Office 365 Small Business – Are you managing for change?

Microsoft office 365 small business is a game changing platform for most community minded small businesses. However, getting the most out of this powerful cloud software platform requires much more than signing up a subscription.
Micrsofot Office 365 small business requires more than a subscription

Migrating to Microsoft Office 365 small business is not as simple as just signing up and logging in. If you want your business to continue operating, you need to manage more than your subscription. 

Kelly is the owner of a local accounting firm. She has a small team of five professionals and two support staff. Kelly is not very IT savvy and relies on her local IT support provider to provide guidance and advice.  

Kelly’s business was started in 2008 and her original IT provider set her up with an on-premise server. ‘That’s the black box in the storeroom with all the blue cables in it’, she refers. Kelly does not know much about this box other than that’s what makes her computers and printer work. It costs her about $400 a month.  

A couple of years ago, Kelly signed up for Microsoft Office 365 small business. She wanted to use the new versions of Microsoft Word and Excel. The new Office 365 subscriptions seems a less expensive way to buy the software licence. Since the lockdowns of the COVID19 pandemic, Kelly and her team started using Microsoft Teams a lot more. She asked her computer support company to help her use these new systems, but nothing seems to have happened.   

After six months of no progress, Kelly wasn’t sure why her IT guy wasn’t migrating her business onto the cloud. She complains, ‘Aren’t we paying for this? Why is this taking so long for us to be able to use it?’ 
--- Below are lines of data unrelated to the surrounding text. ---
Record ordered_contraction (Z : Type) (D : Z -> Z -> R) (Rl : Z -> Z -> Prop)
    (F : Z -> Z) (phi : R -> R) : Prop := {
  oc_metric : is_metric D;
  oc_phi : in_Phi phi;
  oc_refl : forall p, Rl p p;
  oc_trans : forall p q r, Rl p q -> Rl q r -> Rl p r;
  oc_mono : forall p q, Rl p q -> Rl (F p) (F q);
  oc_contr : forall p q, Rl p q -> D (F p) (F q) <= phi (D p q) }.

Section OrderedContraction.
Variables (Z : Type) (D : Z -> Z -> R) (Rl : Z -> Z -> Prop) (F : Z -> Z) (phi : R -> R).
Hypothesis HF : ordered_contraction D Rl F phi.

Let HD := oc_metric HF.
Let Hphi := oc_phi HF.

Lemma iter_fixed p : F p = p -> forall n, Nat.iter n F p = p.
Proof. by move=> hp; elim=> [|n IH] //=; rewrite IH. Qed.

Lemma iter_succ n p : Nat.iter n F (F p) = Nat.iter n.+1 F p.
Proof. by elim: n => [|n IH] //=; rewrite IH. Qed.

Lemma contr_comparable p q : Rl p q \/ Rl q p -> D (F p) (F q) <= phi (D p q).
Proof.
case=> h; first exact: (oc_contr HF).
by rewrite (dist_sym HD) (dist_sym HD p); apply: (oc_contr HF).
Qed.

Lemma iter_contr n p q : Rl p q \/ Rl q p ->
  D (Nat.iter n F p) (Nat.iter n F q) <= Nat.iter n phi (D p q).
Proof.
move=> hpq; elim: n => [|n IH] /=; first exact: Rle_refl.
have hcmp : forall m, Rl (Nat.iter m F p) (Nat.iter m F q) \/ Rl (Nat.iter m F q) (Nat.iter m F p).
  by move=> m; case: hpq => h; [left | right]; elim: m => [|m IHm] //=; apply: (oc_mono HF).
apply: Rle_trans (contr_comparable (hcmp n)) _.
exact: (phi_mono Hphi (dist_ge0 HD _ _) IH).
Qed.

Lemma orbit_mono p : Rl p (F p) -> forall m n, (m <= n)%nat ->
  Rl (Nat.iter m F p) (Nat.iter n F p).
Proof.
move=> hp m; elim=> [|n IH]; first by rewrite leqn0 => /eqP ->; apply: (oc_refl HF).
rewrite leq_eqVlt => /orP [/eqP -> | hlt]; first exact: (oc_refl HF).
apply: (oc_trans HF) (IH hlt) _; rewrite -iter_succ.
by elim: n {IH hlt} => [|n IHn] //=; apply: (oc_mono HF).
Qed.

(* Such an orbit is Cauchy: once a step D(x_M, x_{M+1}) is below
   e/3 - phi(e/3), all later iterates stay within e/3 of x_M. *)
Lemma orbit_cauchy p : Rl p (F p) -> mcauchy D (fun n => Nat.iter n F p).
Proof.
move=> hp e he.
have he3 : 0 < e / 3 by lra.
have hgap : 0 < e / 3 - phi (e / 3) by have := phi_lt Hphi he3; lra.
have [M HM] := iter_phi_small Hphi (dist_ge0 HD p (F p)) hgap.
have hstep : D (Nat.iter M.+1 F p) (Nat.iter M F p) < e / 3 - phi (e / 3).
  rewrite (dist_sym HD) -iter_succ.
  exact: Rle_lt_trans (iter_contr M (or_introl hp)) (HM M (leqnn M)).
have hball : forall k, D (Nat.iter (k + M) F p) (Nat.iter M F p) <= e / 3.
  elim=> [|k IH]; first by rewrite add0n (dist_refl HD); lra.
  rewrite addSn /=; apply: Rle_trans (dist_tri HD _ (Nat.iter M.+1 F p) _) _.
  have hcmp : Rl (Nat.iter M F p) (Nat.iter (k + M) F p) := orbit_mono hp (leq_addl _ _).
  have := contr_comparable (or_intror hcmp); have := phi_mono Hphi (dist_ge0 HD _ _) IH.
  rewrite /= in hstep *; lra.
exists M => m n hm hn.
apply: Rle_lt_trans (dist_tri HD _ (Nat.iter M F p) _) _.
rewrite -(subnK hm) -(subnK hn) (dist_sym HD _ (Nat.iter (n - M + M) F p)).
have := hball (m - M)%nat; have := hball (n - M)%nat; lra.
Qed.

Lemma limit_fixed p l : mconv D (fun n => Nat.iter n F p) l ->
  mconv D (fun n => F (Nat.iter n F p)) (F l) -> F l = l.
Proof. by move=> hl hFl; apply: (mconv_unique HD hFl (mconv_shift hl)). Qed.

Lemma contr_image_conv s l : (forall n, Rl (s n) l) -> mconv D s l ->
  mconv D (fun n => F (s n)) (F l).
Proof.
move=> hbelow hl e he; have [M HM] := hl e he; exists M => n hn.
apply: Rle_lt_trans (oc_contr HF (hbelow n)) _.
exact: Rle_lt_trans (phi_le Hphi (dist_ge0 HD _ _)) (HM n hn).
Qed.

Lemma attraction ps q w : F ps = ps -> Rl q w -> Rl ps w ->
  mconv D (fun n => Nat.iter n F q) ps.
Proof.
move=> hfix hq hps e he.
have [M1 HM1] := iter_phi_small Hphi (dist_ge0 HD q w) (ltac:(lra) : 0 < e / 2).
have [M2 HM2] := iter_phi_small Hphi (dist_ge0 HD w ps) (ltac:(lra) : 0 < e / 2).
exists (maxn M1 M2) => n hn.
have h1 := iter_contr n (or_introl hq).
have h2 := iter_contr n (p := w) (q := ps) (or_intror hps).
rewrite (iter_fixed hfix) in h2.
have := HM1 n (leq_trans (leq_maxl _ _) hn); have := HM2 n (leq_trans (leq_maxr _ _) hn).
have := dist_tri HD (Nat.iter n F q) (Nat.iter n F w) ps; lra.
Qed.

Lemma directed_fixed_point ps : F ps = ps ->
  (forall p q, exists w, Rl p w /\ Rl q w) ->
  (forall q, mconv D (fun n => Nat.iter n F q) ps) /\ (forall q, F q = q -> q = ps).
Proof.
move=> hfix hdir.
have hattr : forall q, mconv D (fun n => Nat.iter n F q) ps.
  by move=> q; have [w [hq hps]] := hdir q ps; apply: attraction hfix hq hps.
split=> // q hq.
have hconst : mconv D (fun n => Nat.iter n F q) q.
  by move=> e he; exists 0%nat => n _; rewrite (iter_fixed hq) (dist_refl HD).
exact: (mconv_unique HD hconst (hattr q)).
Qed.

End OrderedContraction.

Section CoupledSystem.
(* Declared without implicit arguments, so that [le j] and [d j] take the
   index j explicitly. *)
Unset Implicit Arguments.
Variables (N : nat) (X : 'I_N -> Type).
Variables (le : forall i, X i -> X i -> Prop) (d : forall i, X i -> X i -> R).
Variables (T : forall i, prodX X -> X i) (eps : 'I_N -> 'I_N -> bool).
Set Implicit Arguments.

Local Notation pairX := (prodX X * prodX X)%type.

Lemma dmax_ge0 (x y : prodX X) : 0 <= dmax d x y.
Proof.
rewrite /dmax; elim: (enum 'I_N) => [|a s IH] /=; first lra.
exact: Rle_trans IH (Rmax_r _ _).
Qed.

Lemma dmax_ub (x y : prodX X) j : d j (x j) (y j) <= dmax d x y.
Proof.
have : j \in enum 'I_N by rewrite mem_enum.
rewrite /dmax; elim: (enum 'I_N) => [|a s IH] //=.
rewrite in_cons => /orP [/eqP -> | /IH h]; first exact: Rmax_l.
exact: Rle_trans h (Rmax_r _ _).
Qed.

Lemma dmax_lub (x y : prodX X) c : 0 <= c -> (forall j, d j (x j) (y j) <= c) -> dmax d x y <= c.
Proof. by move=> hc h; rewrite /dmax; elim: (enum 'I_N) => [|a s IH] //=; apply: Rmax_lub. Qed.

Definition pair_le (p q : pairX) : Prop :=
  (forall j, le j (p.1 j) (q.1 j)) /\ (forall j, le j (q.2 j) (p.2 j)).

Definition pair_dist (p q : pairX) : R := Rmax (dmax d p.1 q.1) (dmax d p.2 q.2).

Definition coupled (p : pairX) : pairX :=
  (fun i => T i (sigmaS eps i p.1 p.2), fun i => T i (sigmaS eps i p.2 p.1)).

Lemma uv_seq_orbit u0 v0 : uv_seq T eps u0 v0 = fun n => Nat.iter n coupled (u0, v0).
Proof. by []. Qed.

Lemma pair_dist_fst p q j : d j (p.1 j) (q.1 j) <= pair_dist p q.
Proof. by apply: Rle_trans (Rmax_l _ _); apply: dmax_ub. Qed.

Lemma pair_dist_snd p q j : d j (p.2 j) (q.2 j) <= pair_dist p q.
Proof. by apply: Rle_trans (Rmax_r _ _); apply: dmax_ub. Qed.

Lemma pair_dist_lub p q c : 0 <= c ->
  (forall j, d j (p.1 j) (q.1 j) <= c /\ d j (p.2 j) (q.2 j) <= c) -> pair_dist p q <= c.
Proof. by move=> hc h; apply: Rmax_lub; apply: dmax_lub => // j; case: (h j). Qed.

Lemma pair_dist_swap p q : pair_dist (p.2, p.1) (q.2, q.1) = pair_dist p q.
Proof. exact: Rmax_comm. Qed.

Lemma sigma_same i (z : prodX X) : sigmaS eps i z z = z.
Proof. by apply: functional_extensionality_dep => j; rewrite /sigmaS; case: (eps i j). Qed.

Lemma coupled_swap p : coupled (p.2, p.1) = ((coupled p).2, (coupled p).1).
Proof. by []. Qed.

Lemma coupled_diag z : coupled (z, z) = (z, z) <-> forall i, z i = T i z.
Proof.
split=> [h i | h].
- by have := f_equal (fun p : pairX => p.1 i) h; rewrite /= sigma_same.
- rewrite /coupled /=; congr (_, _); apply: functional_extensionality_dep => i;
    by rewrite sigma_same (h i).
Qed.

Lemma mconv_pair (s : nat -> pairX) l : mconv pair_dist s l <->
  forall j, mconv (d j) (fun n => (s n).1 j) (l.1 j) /\ mconv (d j) (fun n => (s n).2 j) (l.2 j).
Proof.
split=> [hs j | hs e he].
  split=> e he; have [M HM] := hs e he; exists M => n hn; apply: Rle_lt_trans (HM n hn).
  + exact: pair_dist_fst.
  + exact: pair_dist_snd.
have hev : forall j, exists M : nat, forall n, (M <= n)%nat ->
    d j ((s n).1 j) (l.1 j) < e / 2 /\ d j ((s n).2 j) (l.2 j) < e / 2.
  move=> j; have [h1 h2] := hs j.
  have [M1 HM1] := h1 (e / 2) ltac:(lra); have [M2 HM2] := h2 (e / 2) ltac:(lra).
  exists (maxn M1 M2) => n hn; split.
  + by apply: HM1; apply: leq_trans (leq_maxl _ _) hn.
  + by apply: HM2; apply: leq_trans (leq_maxr _ _) hn.
have [M HM] := eventually_all hev.
exists M => n hn; apply: (Rle_lt_trans _ (e / 2)); last lra.
apply: pair_dist_lub => [|j]; first lra.
by case: (HM j n hn) => h1 h2; split; apply: Rlt_le.
Qed.

Lemma pair_complete : (forall i, mcomplete (d i)) -> mcomplete pair_dist.
Proof.
move=> Hc s hs.
have hcauchy : forall j, mcauchy (d j) (fun n => (s n).1 j) /\ mcauchy (d j) (fun n => (s n).2 j).
  move=> j; split=> e he; have [M HM] := hs e he; exists M => m n hm hn;
    apply: Rle_lt_trans (HM m n hm hn).
  + exact: pair_dist_fst.
  + exact: pair_dist_snd.
have [u hu] := dep_choice (P := fun j a => mconv (d j) (fun n => (s n).1 j) a)
  (fun j => Hc j _ (hcauchy j).1).
have [v hv] := dep_choice (P := fun j a => mconv (d j) (fun n => (s n).2 j) a)
  (fun j => Hc j _ (hcauchy j).2).
by exists (u, v); apply/mconv_pair => j; split; [apply: hu | apply: hv].
Qed.

Section Metric.
Hypothesis Hmet : forall i, is_metric (d i).

Lemma pair_dist_metric : is_metric pair_dist.
Proof.
have hge0 : forall p q, 0 <= pair_dist p q.
  by move=> p q; apply: Rle_trans (dmax_ge0 _ _) (Rmax_l _ _).
split; [exact: hge0 | split; [|split]].
- move=> [u v] [u' v']; split=> [h | [-> ->]].
  + have hcomp : forall j, d j (u j) (u' j) <= 0 /\ d j (v j) (v' j) <= 0.
      by move=> j; rewrite -h; split; [exact: (pair_dist_fst (u, v) (u', v') j)
                                     | exact: (pair_dist_snd (u, v) (u', v') j)].
    congr (_, _); apply: functional_extensionality_dep => j; apply: (dist_le0_eq (Hmet j)).
    * exact: (hcomp j).1.
    * exact: (hcomp j).2.
  + apply: Rle_antisym (hge0 _ _); apply: pair_dist_lub; first lra.
    by move=> j; rewrite !(dist_refl (Hmet j)); lra.
- have hle : forall p q, pair_dist p q <= pair_dist q p.
    move=> p q; apply: pair_dist_lub (hge0 _ _) _ => j.
    rewrite !(dist_sym (Hmet j) (p.1 j)) !(dist_sym (Hmet j) (p.2 j)).
    by split; [apply: pair_dist_fst | apply: pair_dist_snd].
  by move=> p q; apply: Rle_antisym; apply: hle.
- move=> p q r; apply: pair_dist_lub => [|j]; first by have := hge0 p q; have := hge0 q r; lra.
  have t1 := dist_tri (Hmet j) (p.1 j) (q.1 j) (r.1 j); have t2 := dist_tri (Hmet j) (p.2 j) (q.2 j) (r.2 j).
  split.
  + apply: Rle_trans t1 _; apply: Rplus_le_compat; exact: pair_dist_fst.
  + apply: Rle_trans t2 _; apply: Rplus_le_compat; exact: pair_dist_snd.
Qed.

Lemma T_sigma_conv i s l : prod_continuous d (T i) -> mconv pair_dist s l ->
  mconv (d i) (fun n => T i (sigmaS eps i (s n).1 (s n).2)) (T i (sigmaS eps i l.1 l.2)).
Proof.
move=> Hc hs e he; have [delta [hdel Hdel]] := Hc (sigmaS eps i l.1 l.2) e he.
have [M HM] := hs delta hdel; exists M => n hn; rewrite (dist_sym (Hmet i)); apply: Hdel => j.
rewrite /sigmaS (dist_sym (Hmet j)); apply: Rle_lt_trans (HM n hn).
by case: (eps i j); [apply: pair_dist_fst | apply: pair_dist_snd].
Qed.

Lemma coupled_continuous s l : (forall i, prod_continuous d (T i)) ->
  mconv pair_dist s l -> mconv pair_dist (fun n => coupled (s n)) (coupled l).
Proof.
move=> Hc hs; apply/mconv_pair => j; split; first exact: T_sigma_conv.
have hswap : mconv pair_dist (fun n => ((s n).2, (s n).1)) (l.2, l.1).
  by move=> e he; have [M HM] := hs e he; exists M => n hn; rewrite pair_dist_swap; apply: HM.
exact: T_sigma_conv (Hc j) hswap.
Qed.

End Metric.

Section Order.
Hypothesis Hpo : forall i, is_partial_order (le i).
Hypothesis Hmono : partially_monotone le T eps.

(* [mix x y k] agrees with y on the coordinates below k and with x on the
   others; it moves from x to y one coordinate at a time. *)
Definition mix (x y : prodX X) (k : nat) : prodX X :=
  fun j => if (j < k)%nat then y j else x j.

Lemma mix_step i x y k : prec le eps i x y ->
  le i (T i (mix x y k)) (T i (mix x y k.+1)).
Proof.
move=> hxy; case: (Hpo i) => hrefl _.
case: (ltnP k N) => hk; last first.
  have -> : mix x y k.+1 = mix x y k; last exact: hrefl.
  apply: functional_extensionality_dep => j; rewrite /mix.
  by rewrite (leq_trans (ltn_ord j) hk) (leq_trans (ltn_ord j) (leqW hk)).
pose jk := Ordinal hk.
have hother : forall j, j <> jk -> mix x y k j = mix x y k.+1 j.
  move=> j hj; rewrite /mix ltnS (leq_eqVlt j); case: eqP => // e.
  by case: hj; apply: val_inj.
have E1 : mix x y k jk = x jk by rewrite /mix /= ltnn.
have E2 : mix x y k.+1 jk = y jk by rewrite /mix /= ltnSn.
have := Hmono i hother; have := Hmono i (fun j hj => esym (hother j hj)).
have := hxy jk; rewrite E1 E2; by case: (eps i jk) => hj h1 h2; [apply: h2 | apply: h1].
Qed.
Office 365 is changing faster than your IT service

Unlocking the advantages of Microsoft Office 365 small business requires not just a change in technology but also, in the way that people work. Managing change within an organization is difficult for anyone.  However, for many IT service providers, it is especially challenging. First, it’s rarely their responsibility to manage change in your business – their job is to make sure your technology works.  Second, the people in an MSP are IT guys and gals; they are not typically, ‘people-people’ (if you know what I mean, no offence).  However, these new cloud platforms like Microsoft Office 365 are blurring the traditional line between people and technology.   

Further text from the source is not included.